Aim of the exercise = Which lines of the entries contain the string "Notation"? Copy each of them.

(Saved data entries)
* * *
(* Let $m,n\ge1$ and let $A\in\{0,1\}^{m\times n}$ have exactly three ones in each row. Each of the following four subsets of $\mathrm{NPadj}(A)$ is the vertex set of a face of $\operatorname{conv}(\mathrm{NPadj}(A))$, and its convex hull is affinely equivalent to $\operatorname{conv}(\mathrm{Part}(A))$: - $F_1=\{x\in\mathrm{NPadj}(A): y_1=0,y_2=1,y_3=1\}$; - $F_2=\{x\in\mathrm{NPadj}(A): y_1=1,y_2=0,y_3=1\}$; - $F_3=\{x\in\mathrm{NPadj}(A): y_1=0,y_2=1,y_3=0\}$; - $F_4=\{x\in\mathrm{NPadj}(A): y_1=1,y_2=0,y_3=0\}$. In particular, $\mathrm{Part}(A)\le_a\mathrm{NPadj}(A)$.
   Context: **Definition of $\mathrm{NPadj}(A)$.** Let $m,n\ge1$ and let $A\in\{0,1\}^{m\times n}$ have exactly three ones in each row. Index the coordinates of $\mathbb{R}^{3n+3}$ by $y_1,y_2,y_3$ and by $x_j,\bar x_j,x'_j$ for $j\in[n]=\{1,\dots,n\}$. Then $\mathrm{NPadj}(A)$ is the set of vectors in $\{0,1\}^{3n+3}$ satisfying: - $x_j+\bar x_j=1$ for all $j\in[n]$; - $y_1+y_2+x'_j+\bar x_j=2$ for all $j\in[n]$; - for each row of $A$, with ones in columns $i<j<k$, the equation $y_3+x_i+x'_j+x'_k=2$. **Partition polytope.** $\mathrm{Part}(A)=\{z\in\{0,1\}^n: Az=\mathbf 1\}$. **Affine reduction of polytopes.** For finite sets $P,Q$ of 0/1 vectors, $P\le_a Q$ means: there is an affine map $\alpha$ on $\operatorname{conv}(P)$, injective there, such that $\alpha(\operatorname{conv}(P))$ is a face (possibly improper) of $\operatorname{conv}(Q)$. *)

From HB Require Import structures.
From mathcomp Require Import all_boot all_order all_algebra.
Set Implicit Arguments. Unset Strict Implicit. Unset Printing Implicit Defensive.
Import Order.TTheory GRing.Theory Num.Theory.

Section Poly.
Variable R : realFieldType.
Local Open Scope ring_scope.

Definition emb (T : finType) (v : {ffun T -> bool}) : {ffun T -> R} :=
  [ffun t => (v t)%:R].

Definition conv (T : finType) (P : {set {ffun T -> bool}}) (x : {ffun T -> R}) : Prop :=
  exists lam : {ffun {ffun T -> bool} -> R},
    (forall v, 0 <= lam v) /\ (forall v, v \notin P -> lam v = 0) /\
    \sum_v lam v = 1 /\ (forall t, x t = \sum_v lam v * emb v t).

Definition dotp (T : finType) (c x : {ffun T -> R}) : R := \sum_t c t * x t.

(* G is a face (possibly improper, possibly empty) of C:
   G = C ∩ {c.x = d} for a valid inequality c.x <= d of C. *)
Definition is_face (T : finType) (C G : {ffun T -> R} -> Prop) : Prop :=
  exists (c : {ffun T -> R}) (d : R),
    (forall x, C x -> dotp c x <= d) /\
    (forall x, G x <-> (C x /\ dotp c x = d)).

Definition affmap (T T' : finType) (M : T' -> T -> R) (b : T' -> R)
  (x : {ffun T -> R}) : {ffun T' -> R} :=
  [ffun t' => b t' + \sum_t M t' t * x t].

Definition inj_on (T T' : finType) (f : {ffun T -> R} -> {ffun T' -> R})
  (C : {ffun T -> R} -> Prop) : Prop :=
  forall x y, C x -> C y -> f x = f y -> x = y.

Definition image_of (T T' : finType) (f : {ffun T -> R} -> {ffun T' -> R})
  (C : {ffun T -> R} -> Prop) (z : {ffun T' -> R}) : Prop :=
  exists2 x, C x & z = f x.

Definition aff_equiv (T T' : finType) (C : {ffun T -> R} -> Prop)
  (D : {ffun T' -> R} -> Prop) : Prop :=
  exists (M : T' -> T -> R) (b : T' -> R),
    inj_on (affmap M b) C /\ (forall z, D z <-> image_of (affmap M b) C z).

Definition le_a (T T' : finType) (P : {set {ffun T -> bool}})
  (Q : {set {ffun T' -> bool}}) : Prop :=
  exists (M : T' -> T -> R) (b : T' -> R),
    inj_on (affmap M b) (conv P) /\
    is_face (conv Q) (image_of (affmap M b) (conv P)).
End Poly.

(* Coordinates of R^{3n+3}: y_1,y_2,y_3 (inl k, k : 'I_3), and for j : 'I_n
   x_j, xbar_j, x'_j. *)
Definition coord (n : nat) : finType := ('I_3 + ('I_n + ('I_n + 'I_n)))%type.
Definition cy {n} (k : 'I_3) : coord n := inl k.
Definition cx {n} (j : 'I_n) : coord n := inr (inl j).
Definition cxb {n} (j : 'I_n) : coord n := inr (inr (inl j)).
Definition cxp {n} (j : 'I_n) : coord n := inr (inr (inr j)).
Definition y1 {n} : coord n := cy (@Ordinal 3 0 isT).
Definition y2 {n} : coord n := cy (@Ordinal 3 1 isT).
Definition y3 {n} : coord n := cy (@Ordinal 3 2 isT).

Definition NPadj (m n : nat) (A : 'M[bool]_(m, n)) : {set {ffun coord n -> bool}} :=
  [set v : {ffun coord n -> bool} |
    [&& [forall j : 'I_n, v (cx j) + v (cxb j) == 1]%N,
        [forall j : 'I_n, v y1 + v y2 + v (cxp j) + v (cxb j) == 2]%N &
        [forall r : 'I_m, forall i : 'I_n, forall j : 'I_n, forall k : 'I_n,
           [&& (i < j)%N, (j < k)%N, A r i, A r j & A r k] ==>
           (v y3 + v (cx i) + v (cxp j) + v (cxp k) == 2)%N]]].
* * *
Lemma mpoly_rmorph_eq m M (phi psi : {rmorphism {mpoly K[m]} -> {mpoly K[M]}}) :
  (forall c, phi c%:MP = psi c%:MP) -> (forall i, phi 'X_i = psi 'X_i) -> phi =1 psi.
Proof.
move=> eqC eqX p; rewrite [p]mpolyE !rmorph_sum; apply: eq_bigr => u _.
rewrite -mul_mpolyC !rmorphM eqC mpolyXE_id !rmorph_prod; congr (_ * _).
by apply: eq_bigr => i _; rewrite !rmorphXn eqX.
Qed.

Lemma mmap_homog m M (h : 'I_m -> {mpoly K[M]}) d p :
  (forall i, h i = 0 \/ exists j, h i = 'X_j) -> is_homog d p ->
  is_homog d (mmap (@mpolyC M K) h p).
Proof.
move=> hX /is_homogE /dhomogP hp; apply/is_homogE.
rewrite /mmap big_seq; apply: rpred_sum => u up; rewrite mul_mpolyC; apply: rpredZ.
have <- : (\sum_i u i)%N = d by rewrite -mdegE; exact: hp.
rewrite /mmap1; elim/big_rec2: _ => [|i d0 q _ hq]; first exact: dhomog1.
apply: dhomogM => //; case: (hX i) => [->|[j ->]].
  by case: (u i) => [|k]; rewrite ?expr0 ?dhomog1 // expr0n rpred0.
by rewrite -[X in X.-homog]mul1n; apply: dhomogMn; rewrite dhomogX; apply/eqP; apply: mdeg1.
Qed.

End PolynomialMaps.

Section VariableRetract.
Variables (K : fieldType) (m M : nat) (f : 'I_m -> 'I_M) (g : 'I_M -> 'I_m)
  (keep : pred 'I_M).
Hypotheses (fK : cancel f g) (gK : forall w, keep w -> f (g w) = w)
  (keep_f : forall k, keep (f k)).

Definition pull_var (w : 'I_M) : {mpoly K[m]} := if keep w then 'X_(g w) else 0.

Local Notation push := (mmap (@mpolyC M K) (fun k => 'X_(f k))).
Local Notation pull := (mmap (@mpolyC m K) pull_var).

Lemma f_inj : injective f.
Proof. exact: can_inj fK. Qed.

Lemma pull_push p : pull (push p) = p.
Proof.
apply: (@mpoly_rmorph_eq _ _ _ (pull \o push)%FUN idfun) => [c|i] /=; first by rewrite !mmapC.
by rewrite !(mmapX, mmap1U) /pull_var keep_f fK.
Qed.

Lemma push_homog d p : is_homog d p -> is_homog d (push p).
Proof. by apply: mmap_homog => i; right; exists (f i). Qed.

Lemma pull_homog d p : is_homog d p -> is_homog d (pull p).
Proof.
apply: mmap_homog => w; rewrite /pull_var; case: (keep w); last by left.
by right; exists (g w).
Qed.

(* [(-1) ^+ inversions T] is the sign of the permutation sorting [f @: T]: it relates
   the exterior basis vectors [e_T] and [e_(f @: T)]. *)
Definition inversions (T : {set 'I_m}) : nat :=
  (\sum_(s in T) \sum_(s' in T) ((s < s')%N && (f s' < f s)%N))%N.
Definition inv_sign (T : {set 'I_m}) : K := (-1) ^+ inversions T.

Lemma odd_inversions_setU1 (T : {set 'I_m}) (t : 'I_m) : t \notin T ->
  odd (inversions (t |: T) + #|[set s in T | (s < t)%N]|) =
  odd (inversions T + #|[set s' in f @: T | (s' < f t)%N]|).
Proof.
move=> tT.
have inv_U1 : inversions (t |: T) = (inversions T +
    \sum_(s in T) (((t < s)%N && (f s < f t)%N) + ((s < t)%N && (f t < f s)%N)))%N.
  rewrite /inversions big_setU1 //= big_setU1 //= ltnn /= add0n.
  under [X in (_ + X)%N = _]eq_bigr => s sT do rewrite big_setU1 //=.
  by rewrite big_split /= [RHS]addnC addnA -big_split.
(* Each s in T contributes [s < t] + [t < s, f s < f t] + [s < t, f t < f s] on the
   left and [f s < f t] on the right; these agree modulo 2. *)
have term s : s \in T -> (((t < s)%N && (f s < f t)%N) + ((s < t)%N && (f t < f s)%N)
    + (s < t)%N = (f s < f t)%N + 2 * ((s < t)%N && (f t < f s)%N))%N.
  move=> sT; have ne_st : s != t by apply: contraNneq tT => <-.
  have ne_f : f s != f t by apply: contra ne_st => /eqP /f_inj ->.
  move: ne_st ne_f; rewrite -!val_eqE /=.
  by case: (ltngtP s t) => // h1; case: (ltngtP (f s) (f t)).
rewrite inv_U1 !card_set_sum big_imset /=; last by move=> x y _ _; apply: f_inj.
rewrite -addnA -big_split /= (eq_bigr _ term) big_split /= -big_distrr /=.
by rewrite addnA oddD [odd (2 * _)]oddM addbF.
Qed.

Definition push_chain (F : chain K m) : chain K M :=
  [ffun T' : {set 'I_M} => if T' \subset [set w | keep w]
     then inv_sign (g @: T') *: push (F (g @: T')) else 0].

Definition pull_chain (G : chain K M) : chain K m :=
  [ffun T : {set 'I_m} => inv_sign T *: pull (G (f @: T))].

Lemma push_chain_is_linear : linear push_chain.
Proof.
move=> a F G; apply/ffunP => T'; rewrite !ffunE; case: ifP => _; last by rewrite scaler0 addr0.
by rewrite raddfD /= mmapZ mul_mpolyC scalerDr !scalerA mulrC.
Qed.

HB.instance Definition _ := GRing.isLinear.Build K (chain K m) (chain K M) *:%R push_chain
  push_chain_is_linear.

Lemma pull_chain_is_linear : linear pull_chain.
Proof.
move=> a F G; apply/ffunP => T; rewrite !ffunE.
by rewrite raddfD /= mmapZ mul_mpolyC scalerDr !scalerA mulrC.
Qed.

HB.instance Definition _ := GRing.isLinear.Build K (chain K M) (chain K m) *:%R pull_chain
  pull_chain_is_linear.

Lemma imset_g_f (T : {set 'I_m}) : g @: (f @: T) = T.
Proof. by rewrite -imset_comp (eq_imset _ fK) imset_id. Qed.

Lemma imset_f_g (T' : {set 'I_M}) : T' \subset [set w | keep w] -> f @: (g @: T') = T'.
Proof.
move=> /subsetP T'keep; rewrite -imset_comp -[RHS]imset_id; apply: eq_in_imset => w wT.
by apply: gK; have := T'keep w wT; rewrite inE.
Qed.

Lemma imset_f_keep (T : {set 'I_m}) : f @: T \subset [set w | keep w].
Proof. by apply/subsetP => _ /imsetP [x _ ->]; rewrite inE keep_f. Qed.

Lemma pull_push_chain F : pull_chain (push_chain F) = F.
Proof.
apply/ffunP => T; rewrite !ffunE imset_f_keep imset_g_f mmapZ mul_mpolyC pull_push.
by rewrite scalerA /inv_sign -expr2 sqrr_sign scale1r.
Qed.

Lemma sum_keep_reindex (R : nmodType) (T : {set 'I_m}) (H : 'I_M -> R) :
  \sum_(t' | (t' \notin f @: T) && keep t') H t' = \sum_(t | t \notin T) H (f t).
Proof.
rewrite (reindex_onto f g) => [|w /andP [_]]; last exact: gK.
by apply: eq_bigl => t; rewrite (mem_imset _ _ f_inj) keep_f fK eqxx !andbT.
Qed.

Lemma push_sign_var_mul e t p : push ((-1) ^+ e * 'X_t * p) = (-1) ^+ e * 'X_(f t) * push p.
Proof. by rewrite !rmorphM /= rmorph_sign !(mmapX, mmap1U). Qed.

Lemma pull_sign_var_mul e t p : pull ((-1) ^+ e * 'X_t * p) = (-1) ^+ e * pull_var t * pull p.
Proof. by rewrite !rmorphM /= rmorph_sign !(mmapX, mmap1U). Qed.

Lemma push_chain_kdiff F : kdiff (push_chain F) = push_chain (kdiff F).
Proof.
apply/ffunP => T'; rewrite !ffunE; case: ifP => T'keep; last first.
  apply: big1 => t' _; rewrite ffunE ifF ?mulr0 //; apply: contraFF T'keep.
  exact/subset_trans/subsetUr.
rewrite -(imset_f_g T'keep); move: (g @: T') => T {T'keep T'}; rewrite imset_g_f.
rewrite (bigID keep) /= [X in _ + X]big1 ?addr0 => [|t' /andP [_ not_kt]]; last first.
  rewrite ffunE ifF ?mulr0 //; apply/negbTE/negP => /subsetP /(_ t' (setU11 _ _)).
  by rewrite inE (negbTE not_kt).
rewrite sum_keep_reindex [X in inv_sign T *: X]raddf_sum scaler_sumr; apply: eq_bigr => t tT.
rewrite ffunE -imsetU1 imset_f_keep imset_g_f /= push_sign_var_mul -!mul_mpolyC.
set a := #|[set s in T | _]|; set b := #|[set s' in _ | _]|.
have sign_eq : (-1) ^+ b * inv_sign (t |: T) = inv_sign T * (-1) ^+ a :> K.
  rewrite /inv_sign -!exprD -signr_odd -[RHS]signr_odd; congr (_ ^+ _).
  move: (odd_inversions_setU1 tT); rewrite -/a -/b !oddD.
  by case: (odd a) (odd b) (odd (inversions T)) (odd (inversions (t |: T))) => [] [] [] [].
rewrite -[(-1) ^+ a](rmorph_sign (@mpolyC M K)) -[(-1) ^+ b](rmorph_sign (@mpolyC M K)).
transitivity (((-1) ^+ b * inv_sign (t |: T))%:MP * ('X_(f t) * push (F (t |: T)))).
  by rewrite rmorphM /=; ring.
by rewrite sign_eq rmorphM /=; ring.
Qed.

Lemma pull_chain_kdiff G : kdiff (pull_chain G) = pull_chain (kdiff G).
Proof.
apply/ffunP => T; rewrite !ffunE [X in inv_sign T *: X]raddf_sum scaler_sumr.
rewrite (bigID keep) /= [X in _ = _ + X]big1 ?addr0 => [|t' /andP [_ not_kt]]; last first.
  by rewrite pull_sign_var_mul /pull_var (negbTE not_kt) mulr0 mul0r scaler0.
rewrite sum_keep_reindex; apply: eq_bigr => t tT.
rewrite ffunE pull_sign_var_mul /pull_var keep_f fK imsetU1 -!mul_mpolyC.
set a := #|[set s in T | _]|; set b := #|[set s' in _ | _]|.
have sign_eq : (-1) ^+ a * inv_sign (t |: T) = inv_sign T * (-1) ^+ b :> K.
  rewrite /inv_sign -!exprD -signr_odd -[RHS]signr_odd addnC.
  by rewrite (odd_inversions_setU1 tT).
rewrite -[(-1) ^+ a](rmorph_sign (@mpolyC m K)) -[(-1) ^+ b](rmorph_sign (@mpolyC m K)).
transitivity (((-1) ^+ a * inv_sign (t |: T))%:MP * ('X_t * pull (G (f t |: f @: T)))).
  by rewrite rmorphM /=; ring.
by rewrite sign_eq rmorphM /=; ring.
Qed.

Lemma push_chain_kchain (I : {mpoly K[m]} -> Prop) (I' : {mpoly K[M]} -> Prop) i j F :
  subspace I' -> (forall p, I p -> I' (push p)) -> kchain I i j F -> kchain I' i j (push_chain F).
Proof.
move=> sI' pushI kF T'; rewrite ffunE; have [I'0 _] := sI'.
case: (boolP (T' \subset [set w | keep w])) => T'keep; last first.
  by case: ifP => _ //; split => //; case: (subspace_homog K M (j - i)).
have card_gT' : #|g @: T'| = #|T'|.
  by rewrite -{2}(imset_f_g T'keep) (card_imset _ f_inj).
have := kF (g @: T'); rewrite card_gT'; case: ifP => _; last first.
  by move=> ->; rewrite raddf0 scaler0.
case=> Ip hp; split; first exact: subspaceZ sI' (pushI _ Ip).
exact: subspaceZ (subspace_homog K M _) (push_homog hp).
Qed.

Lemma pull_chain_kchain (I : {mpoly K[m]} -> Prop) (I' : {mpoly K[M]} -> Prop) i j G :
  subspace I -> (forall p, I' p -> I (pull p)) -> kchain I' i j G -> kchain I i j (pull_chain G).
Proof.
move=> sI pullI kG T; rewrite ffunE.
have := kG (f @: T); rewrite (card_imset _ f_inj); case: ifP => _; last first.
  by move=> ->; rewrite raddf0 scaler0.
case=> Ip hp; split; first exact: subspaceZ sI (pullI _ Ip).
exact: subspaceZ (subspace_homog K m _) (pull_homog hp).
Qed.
* * *
Problem solution =
Local Notation push := (mmap (@mpolyC M K) (fun k => 'X_(f k))).
Local Notation pull := (mmap (@mpolyC m K) pull_var).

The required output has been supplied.